По утрам на палатку прилетали птицы, это мне особенно нравилось. Они прыгали по коньку палатки, царапали лапками ткань, иногда пробовали ее клевать. И распевали на разные голоса.

Сейчас в дубраве было тихо. Ветки дубов, орешников, берез были подбиты пухом, как рукава каких-то праздничных рубах, курток, шуб. О птичьих рубашках колдунов, в которые густо вшивались лебяжьи перья, писал Афанасьев в «Поэтических воззрениях славян на природу».

И мне вдруг захотелось тихо уйти отсюда.

Как все выглядит в дубраве зимой, я увидел. Нарушать этот покой было неловко.

А свет? Обещанный синоптиками-прорицателями? Не зря же я тащил сюда камеру с треногой.

И я остался.

Расчистил место у дубка под палатку, срубил две гибкие орешины и, согнув их дугами, легко вогнал заостренными концами в еще податливую землю. Сверху натянул тент, края присыпал снегом, оставив свободной одну полу входа. Раскатал коврик номада, расстелил спальник, бросил сверху нагольный тулупчик и занялся костром.

Сумерки стягивались вокруг моего огня. Это время французы называют между волком и собакой. Призрачный свет. Наверное, от увлечения таким же предостерегали авторы тибетской книги. Но фотографы как раз любят его. Эти люди разрываются между документальной ясностью и художественной размытостью. Четкость и ясность фотографии в конце концов раздражает и утомляет. Есть в этом что-то тупое и пошлое. Фотограф мечтает машину одолеть, преодолеть. И тут ему на помощь и приходят сумерки, является существо – то ли собака, то ли волк. В сумерках таятся возможности. Силуэт прохожего похож на памятник. А памятник – на прохожего. Фотограф ликует! Вот оно! Машина художественно пишет, то есть изображает, преображает эту действительность так, что зрителю будут мерещиться всякие вещи и открываться таинственные миры… Но наутро неизбежно разочарование. Все-таки автор сумерек, хозяин волка и собаки – не ты. Ты лишь жалкий соглядатай. Или не жалкий, а именитый, весь в медалях выставок-конкурсов, весь в дорогих камерах и объективах, но соглядатай, регистратор. И машина – твое проклятие. И какая-нибудь одна прекрасная стихотворная строчка значит больше, чем пачка волшебных пейзажей. Потому что стихотворная строчка сотворена полностью, от первой буквы до последней нечаянной точки, больше похожей на песчинку, соринку.

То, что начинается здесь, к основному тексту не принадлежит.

(* Induction on the height: positivity of [invform] yields a simple root
   [alpha i] in the support of [g] with [<g, alpha_i^vee> > 0], the root
   [s_(alpha i) g] is lower, and [s_g] is its conjugate by [s_(alpha i)]. *)
Lemma WIp_refl0 g : g \in Phip R -> in_Zspan I g -> WIp R p I (refl R p g 0).
Proof.
move=> gP; have [c gc] := Phip_coord HR gP.
move: {2}(\sum_(i < nPhis) c i)%N (leqnn (\sum_(i < nPhis) c i)) => N.
elim: N g c gP gc => [|N IH] g c gP gc csum gI.
  have c0 i : c i = 0%N by move: csum; rewrite (bigD1 i) //=; lia.
  move/eqP: (root_neq0 HR (Phip_Phi HR gP)); rewrite gc big1 // => i _.
  by rewrite c0 scale0r.
have [gI' | gnI] := boolP (g \in I); first by apply: generated_gen; left; exists g.
have [i [ci gi]] := Phip_coord_pair_gt0 HR gP gc.
have aI : alpha i \in I := Zspan_Phip_support gI gc ci.
set g' := sref R (alpha i) g.
have g'P : g' \in Phip R by apply: sref_simple_Phip => //; apply: contraNneq gnI => ->.
have [e g'e] := Phip_coord HR g'P.
have e_c l : (e l)%:Z = (c l)%:Z - ipair g (cor R (alpha i)) * (l == i)%:R.
  apply: (Phis_coord_uniq HR (c := fun l => (e l)%:Z)
    (d := fun l => (c l)%:Z - ipair g (cor R (alpha i)) * (l == i)%:R)).
  by rewrite -g'e -sref_simple_coord.
have esum : (\sum_(l < nPhis) e l <= N)%N.
  suff : (\sum_(l < nPhis) e l)%:Z = (\sum_(l < nPhis) c l)%:Z - ipair g (cor R (alpha i)).
    by move: csum gi; lia.
  rewrite -!natz !natr_sum; under eq_bigr do rewrite natz e_c.
  rewrite sumrB; congr (_ - _); first by under eq_bigr do rewrite natz.
  rewrite (bigD1 i) //= big1 ?addr0 ?eqxx ?mulr1 // => l /negbTE ->.
  by rewrite mulr0.
have g'I : in_Zspan I g' by apply/ZspanB/ZspanZ/Zspan_mem.
have -> : refl R p g 0 =
    affc (refl R p (alpha i) 0) (affc (refl R p g' 0) (refl R p (alpha i) 0)).
  apply: aff_ext => y; rewrite !act_affc act_refl_conj ?Phis_nth_Phi ?(Phip_Phi HR) //.
  by rewrite mul0r subr0 srefK // root_pair2 ?Phis_nth_Phi.
have alphaW : WIp R p I (refl R p (alpha i) 0).
  by apply: generated_gen; left; exists (alpha i).
by apply/generated_affc/generated_affc => //; apply: IH g'e esum g'I.
Qed.
(* Let $\vartheta\in(0,1)$, let $c,r,\alpha,\beta$ be positive integers, and consider the single-agent trust model described in the context. Suppose $\vartheta>\theta_{\rm crit}:=c/(c+r)$. Then almost surely the agent either (A) quits at some finite time, i.e. $\tau<\infty$, with $A_t=1$ for all $t<\tau$ and $A_t=0$ for all $t\ge\tau$; or (B) places trust forever and learns the truth, i.e. $A_t=1$ for all $t=1,2,\dots$ and $\lim_{t\to\infty}\hat\vartheta_t=\vartheta$. In particular $\mathbb{P}(\hat\vartheta_t\not\to\vartheta \text{ and } \tau=\infty)=0$.
   Context: Single-agent trust model: $\vartheta$ is the institution's true trustworthiness; $(X_t)_{t\in\mathbb{N}}$ are i.i.d. with $\mathbb{P}(X_t=1)=\vartheta$, $\mathbb{P}(X_t=0)=1-\vartheta$. The agent has actions $A_t\in\{0,1\}$ and observes $X_t$ only in rounds with $A_t=1$. Let $\hat S_t=\sum_{s=1}^t X_s\mathbf{1}_{\{A_s=1\}}$, $\hat F_t=\sum_{s=1}^t(1-X_s)\mathbf{1}_{\{A_s=1\}}$, and $\hat\vartheta_t=\frac{\alpha+\hat S_t}{\alpha+\beta+\hat S_t+\hat F_t}$ (posterior mean under a Beta$(\alpha,\beta)$ prior). The agent acts myopically: $A_t=1$ if $r\hat\vartheta_n-c(1-\hat\vartheta_n)\ge 0$ for all $n\in\{0,\dots,t-1\}$, and $A_t=0$ otherwise. The quitting time is $\tau:=\inf\{t\in\mathbb{N}\cup\{\infty\}: r\hat\vartheta_t-c(1-\hat\vartheta_t)<0\}$. *)

From HB Require Import structures.
From mathcomp Require Import all_boot all_order all_algebra.
From mathcomp Require Import all_classical all_reals all_analysis.
Set Implicit Arguments. Unset Strict Implicit. Unset Printing Implicit Defensive.
Import Order.TTheory GRing.Theory Num.Theory.
Local Open Scope ring_scope.

Section TrustModel.
Variable R : realType.
Variables (alpha beta c r : nat).
(* x t = X_t (the outcome of round t, t >= 1; x 0 is never used) *)
Variable x : nat -> bool.

Definition post_mean (s f : nat) : R :=
  (alpha + s)%:R / (alpha + beta + s + f)%:R.

Definition trusts (th : R) : bool := 0 <= r%:R * th - c%:R * (1 - th).

(* Recursive computation of (S_hat_t, F_hat_t, b_t) where
   b_t = [for all n in {0..t}, trusts (theta_hat n)], so that A_{t+1} = b_t.
   In round t+1 the outcome X_{t+1} is recorded iff A_{t+1} = 1. *)
Fixpoint state (t : nat) : nat * nat * bool :=
  match t with
  | 0 => (0%N, 0%N, trusts (post_mean 0 0))
  | t'.+1 =>
      let: (s, f, b) := state t' in
      let s' := if b then (s + x t)%N else s in
      let f' := if b then (f + ~~ x t)%N else f in
      (s', f', b && trusts (post_mean s' f'))
  end.

Definition Shat (t : nat) : nat := (state t).1.1.
Definition Fhat (t : nat) : nat := (state t).1.2.

Definition theta_hat (t : nat) : R := post_mean (Shat t) (Fhat t).

Definition act (t : nat) : bool := [forall n : 'I_t, trusts (theta_hat n)].

(* Sanity facts: the recursion agrees with the paper's definitions
   hat S_t = sum_{s=1}^t X_s 1{A_s = 1},  hat F_t = sum_{s=1}^t (1-X_s) 1{A_s=1}. *)
Lemma state_flag t : (state t).2 = act t.+1.
Proof.
elim: t => [|t IH].
  rewrite /act /=; apply/idP/forallP => [H i|H]; first by rewrite ord1 /theta_hat /Shat /Fhat /=.
  by have := H ord0; rewrite /theta_hat /Shat /Fhat.
have E : act t.+2 = act t.+1 && trusts (theta_hat t.+1).
  rewrite /act; apply/forallP/andP => [H|[/forallP H1 H2] i].
    split; last by have := H ord_max.
    by apply/forallP => i; have := H (widen_ord (leqnSn _) i).
  case: (ltnP i t.+1) => Hi; first by have := H1 (Ordinal Hi).
  by have -> : i = ord_max by apply/val_inj/eqP; rewrite eqn_leq Hi -ltnS ltn_ord.
rewrite E -IH /theta_hat /Shat /Fhat /=.
by case: (state t) => [[s f] b].
Qed.

Lemma Shat_sum t : Shat t = (\sum_(1 <= s < t.+1) nat_of_bool (x s && act s))%N.
Proof.
elim: t => [|t IH]; first by rewrite big_geq.
rewrite big_nat_recr //= -IH -(state_flag t) /Shat /=.
by case: (state t) => [[s f] []] /=; rewrite ?andbT ?andbF ?addn0.
Qed.

Lemma Fhat_sum t : Fhat t = (\sum_(1 <= s < t.+1) nat_of_bool (~~ x s && act s))%N.
Proof.
elim: t => [|t IH]; first by rewrite big_geq.
rewrite big_nat_recr //= -IH -(state_flag t) /Fhat /=.
by case: (state t) => [[s f] []] /=; rewrite ?andbT ?andbF ?addn0.
Qed.

(* Quitting time: tau_is k means tau = k < oo, i.e. k is the least time
   with r*theta_hat_k - c*(1-theta_hat_k) < 0. tau = oo iff no such k. *)
Definition tau_is (k : nat) : Prop :=
  ~~ trusts (theta_hat k) /\ (forall n, (n < k)%N -> trusts (theta_hat n)).
Definition tau_infinite : Prop := forall t, trusts (theta_hat t).

End TrustModel.

Local Open Scope classical_set_scope.
Definition iid_bernoulli (d : measure_display) (T : measurableType d)
  (R : realType) (P : probability T R) (theta : R) (X : nat -> T -> bool) : Prop :=
  (forall t, measurable [set w | X t w]) /\
  (forall (n : nat) (b : nat -> bool),
     P [set w | forall i, (1 <= i <= n)%N -> X i w = b i] =
     (\prod_(1 <= i < n.+1) (if b i then theta else 1 - theta))%:E).

(* If the agent never distrusts, it observes every outcome, so theta_hat t is
   (alpha + S_t) / (alpha + beta + t) with S_t the number of successes among
   X_1, ..., X_t; it therefore suffices that |S_t - theta t| = o(t) almost surely.
   For each deviation eps = 1/(k+1), a Chernoff bound gives
   P(S_t >= (theta + eps) t) <= q^t and P(S_t <= (theta - eps) t) <= q^t for some
   q < 1: the exponential moment factorises over the 2^t outcome patterns of the
   first t trials, whose probabilities are fixed by the i.i.d. hypothesis.
   By Borel-Cantelli these events happen only finitely often, outside a countable
   union of null sets.  If instead the agent distrusts at some time, it quits at the
   first such time, which is alternative (A). *)

From HB Require Import structures.
From mathcomp Require Import all_boot all_order all_algebra.
From mathcomp Require Import all_classical all_reals all_analysis.
From mathcomp Require Import ring lra.
Import Order.TTheory GRing.Theory Num.Theory.
Import numFieldNormedType.Exports.
Local Open Scope ring_scope.
Local Open Scope classical_set_scope.

Lemma sumrB_const (R : pzRingType) n (f : 'I_n -> R) (a : R) :
  \sum_(i < n) (f i - a) = \sum_(i < n) f i - a * n%:R.
Proof. by rewrite sumrB sumr_const card_ord mulr_natr. Qed.

Lemma cvg_shifted_mean (R : realType) (s : nat -> R) (th a b : R) :
  0 <= th <= 1 -> 0 <= a -> 0 <= b ->
  (forall e, 0 < e -> \forall j \near \oo, `|s j - th * j%:R| < e * j%:R) ->
  (a + s j) / (a + b + j%:R) @[j --> \oo] --> th.
Proof.
move=> /andP[th0 th1] a0 b0 dev; apply/cvgrPdist_lt => e e0.
have e20 : 0 < e / 2 by rewrite divr_gt0.
move: (dev _ e20) (nbhs_infty_ge (Num.truncn (2 * (a + b) / e)).+1).
apply: filterS2 => j dev_j j_large.
have ab_small : a + b < e / 2 * j%:R.
  have := truncnS_gt (2 * (a + b) / e); rewrite -(ler_nat R) in j_large.
  rewrite ltr_pdivrMr // => h; have := lt_le_trans h (ler_wpM2r (ltW e0) j_large); lra.
have j0 : 0 < j%:R :> R by rewrite ltr0n (leq_trans _ j_large).
have D0 : 0 < a + b + j%:R by lra.
have -> : th - (a + s j) / (a + b + j%:R)
    = ((th * (a + b) - a) + (th * j%:R - s j)) / (a + b + j%:R) by field; lra.
rewrite normrM normfV [`|a + b + _|]gtr0_norm // ltr_pdivrMr //.
apply: le_lt_trans (ler_normD _ _) _.
have : `|th * (a + b) - a| <= a + b.
  have := mulr_ge0 th0 (addr_ge0 a0 b0); have := ler_wpM2r (addr_ge0 a0 b0) th1.
  by rewrite mul1r ler_norml => *; apply/andP; split; lra.
have := mulr_ge0 (ltW e0) (addr_ge0 a0 b0).
rewrite distrC in dev_j; lra.
Qed.

Section Chernoff.
Context {R : realType}.

Lemma expR_le_quadratic {x : R} : `|x| <= 2^-1 -> expR x <= 1 + x + 2 * x ^+ 2.
Proof.
rewrite ler_norml => /andP[xlo xhi].
have e0 := expR_gt0 x.
have expR_1Bx : (1 - x) * expR x <= 1.
  by rewrite -[leRHS](mulVf (lt0r_neq0 e0)) ler_pM2r // -expRN expR_ge1Dx.
have onex_gt0 : 0 < 1 - x by lra.
rewrite -(ler_pM2l onex_gt0); apply: (le_trans expR_1Bx).
have -> : (1 - x) * (1 + x + 2 * x ^+ 2) = 1 + x ^+ 2 * (1 - 2 * x) by ring.
rewrite lerDl; apply: mulr_ge0; [exact: sqr_ge0 | lra].
Qed.

Definition pattern_weight (th : R) {n} (b : {ffun 'I_n -> bool}) : R :=
  \prod_(i < n) (if b i then th else 1 - th).

Lemma pattern_weight_ge0 (th : R) n (b : {ffun 'I_n -> bool}) :
  0 <= th <= 1 -> 0 <= pattern_weight th b.
Proof. by move=> /andP[? ?]; apply: prodr_ge0 => i _; case: (b i); lra. Qed.

Lemma sum_pattern_weight_expR (th : R) (g : bool -> R) n :
  \sum_(b : {ffun 'I_n -> bool}) pattern_weight th b * expR (\sum_(i < n) g (b i))
  = (th * expR (g true) + (1 - th) * expR (g false)) ^+ n.
Proof.
pose h y := (if y then th else 1 - th) * expR (g y).
transitivity (\sum_(b : {ffun 'I_n -> bool}) \prod_(i < n) h (b i)).
  by apply: eq_bigr => b _; rewrite expR_sum -big_split.
rewrite -(bigA_distr_bigA (fun _ => h)) /=.
rewrite (eq_bigr (fun _ => h true + h false)); last by move=> i _; rewrite big_bool.
by rewrite prodr_const card_ord.
Qed.

Section NegativeDrift.
Context {th eps : R} {z : bool -> R}.
Hypotheses (th01 : 0 < th < 1) (eps01 : 0 < eps <= 1).
Hypotheses (z_bound : forall y, `|z y| <= 2).
Hypothesis z_mean : th * z true + (1 - th) * z false = - eps.

(* With lam = eps/16 the quadratic error 8 lam^2 = eps^2/32 of the exponential is
   beaten by the drift lam * eps = eps^2/16. *)
Lemma bernoulli_mgf_lt1 :
  th * expR (eps / 16 * z true) + (1 - th) * expR (eps / 16 * z false) < 1.
Proof.
have /andP[th0 th1] := th01; have /andP[e0 e1] := eps01.
set lam := eps / 16.
have lam0 : 0 < lam by rewrite divr_gt0.
have lam_small : 4 * lam <= 1 by rewrite /lam; lra.
have expR_lin y : expR (lam * z y) <= 1 + lam * z y + 8 * lam ^+ 2.
  have := z_bound y; rewrite ler_norml => /andP[zlo zhi].
  have ulo : - (2 * lam) <= lam * z y by nra.
  have uhi : lam * z y <= 2 * lam by nra.
  have u_small : `|lam * z y| <= 2^-1 by rewrite ler_norml; apply/andP; split; lra.
  apply: le_trans (expR_le_quadratic u_small) _.
  rewrite lerD2l; nra.
have bound_true := ler_wpM2l (ltW th0) (expR_lin true).
have th1' : 0 <= 1 - th by lra.
have bound_false := ler_wpM2l th1' (expR_lin false).
have drift : th * (1 + lam * z true + 8 * lam ^+ 2)
    + (1 - th) * (1 + lam * z false + 8 * lam ^+ 2) = 1 - eps ^+ 2 / 32.
  transitivity (1 + lam * (th * z true + (1 - th) * z false) + 8 * lam ^+ 2); first by ring.
  by rewrite z_mean /lam expr2; field.
have : 0 < eps ^+ 2 / 32 by rewrite divr_gt0 // exprn_gt0.
lra.
Qed.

Между волком и собакой и сам фотограф. Но, скорее всего, он – собака, хотя и чувствует временами себя волком.

Утром, едва чистый свет потек по рукавам праздничных рубах, все сомнения были напрочь забыты. Хотя уже горел костер и в котелках дымилась вода из Городца, довольно сильно затянутого льдом в одну ночь. После морозной ночи, беспрестанного верчения с боку на бок, хотелось погреться у огня и поскорее напиться крепкого чая. Но солнце, как-то внезапно открывшееся на востоке, – хотя ведь гадатели Гидрометцентра предупреждали! – да, но под утро небо как-то клубилось и ничего не обещало, – солнце влекло за собой.